On arrive alors à la question la plus importante de toutes. Pourquoi les parents s’inquiètent-ils tant de savoir si leur enfant peut ou non être gay ? Toutes choses égales par ailleurs, je soupçonne que nous aurions du mal à trouver des parents qui préféreraient réellement que leur progéniture soit homosexuelle. Sur le plan de l’évolution, l’homophobie parentale est une évidence : les fils gays et les filles lesbiennes ne sont pas susceptibles de se reproduire (à moins qu’ils ne deviennent créatifs).

Mais gardez cela à l’esprit, parents, il existe d’autres façons pour votre enfant de contribuer à votre succès génétique global que la reproduction sexuelle humdrum.
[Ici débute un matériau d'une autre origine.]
Lemma forcing_chains_force X cs u v : forcing_chains X cs -> u \in X -> v \notin X -> e u v ->
  (forall w, e u w -> w \notin X -> w = v) ->
  forcing_chains (v |: X) [seq if u \in c then rcons c v else c | c <- cs].
Proof.
move=> [ch cnt inner] uX vX euv only.
have vcs c : c \in cs -> v \notin c.
  move=> c_cs; apply/negP => vc.
  have : 0 < count (fun c : seq V => v \in c) cs by rewrite -has_count; apply/hasP; exists c.
  by rewrite cnt (negbTE vX).
have ulast c : c \in cs -> u \in c -> u = last x0 c.
  move=> c_cs uc; apply/eqP/negPn/negP => ul.
  by have := inner c c_cs u uc ul v euv; rewrite (negbTE vX).
split.
- apply/allP => _ /mapP[c c_cs ->]; have := allP ch c c_cs.
  case uc: (u \in c) => //; have ul := ulast c c_cs uc.
  case: c c_cs uc ul => // a s c_cs _ ul /and3P[_ srt uq].
  rewrite /chain rcons_uniq uq (vcs _ c_cs) andbT -size_eq0 size_rcons /=.
  by rewrite rcons_path andbT -[last a s]/(last x0 (a :: s)) -ul euv andbT.
- move=> w; rewrite count_map in_setU1.
  have [->|wv] := eqVneq w v.
    rewrite /=; transitivity (count (fun c : seq V => u \in c) cs); last by rewrite cnt uX.
    apply: eq_in_count => c c_cs /=.
    by case: (u \in c); rewrite ?mem_rcons ?mem_head // (negbTE (vcs c c_cs)).
  rewrite /= -cnt; apply: eq_count => c /=.
  by case: (u \in c); rewrite // mem_rcons inE (negbTE wv).
- move=> _ /mapP[c c_cs ->] z; case uc: (u \in c); last first.
    by move=> zc zl w ezw; rewrite in_setU1 (inner c c_cs z zc zl w ezw) orbT.
  rewrite mem_rcons inE last_rcons => /orP[/eqP -> |zc zv w ezw]; first by rewrite eqxx.
  rewrite in_setU1; have [zu|zu] := eqVneq z u.
    by case wX: (w \in X); rewrite ?orbT // (only w) ?eqxx -?zu ?wX.
  by rewrite (inner c c_cs z zc _ w ezw) ?orbT // -(ulast c c_cs uc).
Qed.

Lemma zf_stepP X v : v \in zf_step e X -> v \notin X ->
  exists2 u, u \in X & [set w | e u w & w \notin X] = [set v].
Proof.
by rewrite /zf_step in_setU => /orP[-> //|]; rewrite inE => /existsP[u /andP[uX /eqP]]; exists u.
Qed.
Je ne sais pas combien d’argent ou de célébrité résiduelle ruisselle sur, disons, les proches parents de k. d. lang, Elton John et Rachel Maddow, mais je ne peux qu’imaginer que ces parents hétéros sont bien mieux lotis en termes de leurs propres opportunités de reproduction qu’ils ne le seraient sans un homosexuel se balançant si magnifiquement sur leurs arbres généalogiques. Donc, cultivez les talents natifs de votre petit préhomosexuel, et votre gain génétique ultime pourrait, étrangement, être encore plus important avec un enfant gay très spécial qu’il ne le serait si 10 médiocres rejetons hétéros sautaient de vos reins.

Si les chercheurs finissent par perfectionner la prévision de l’orientation sexuelle adulte chez les enfants, les parents voudront-ils le savoir ? Je peux dire, en tant que pipsqueak autrefois préhomosexuel, qu’une certaine préparation de la part des autres m’aurait facilité la tâche, plutôt que de craindre constamment le rejet ou de s’inquiéter d’un dérapage imprudent menant à mon « exposition ». Cela m’aurait au moins évité toutes ces questions gênantes et incessantes pendant mon adolescence sur les raisons pour lesquelles je ne sortais pas avec une jolie fille (ou les questions de la jolie fille sur les raisons pour lesquelles je sortais avec elle et rejetais ses avances).

Et autre chose : il doit être assez difficile de regarder dans les yeux limpides de votre bambin préhomosexuel, de balayer les miettes de biscuits sur sa joue et de le jeter à la rue parce qu’il est gay.

D’ailleurs, il n’y a pas de quoi se plaindre.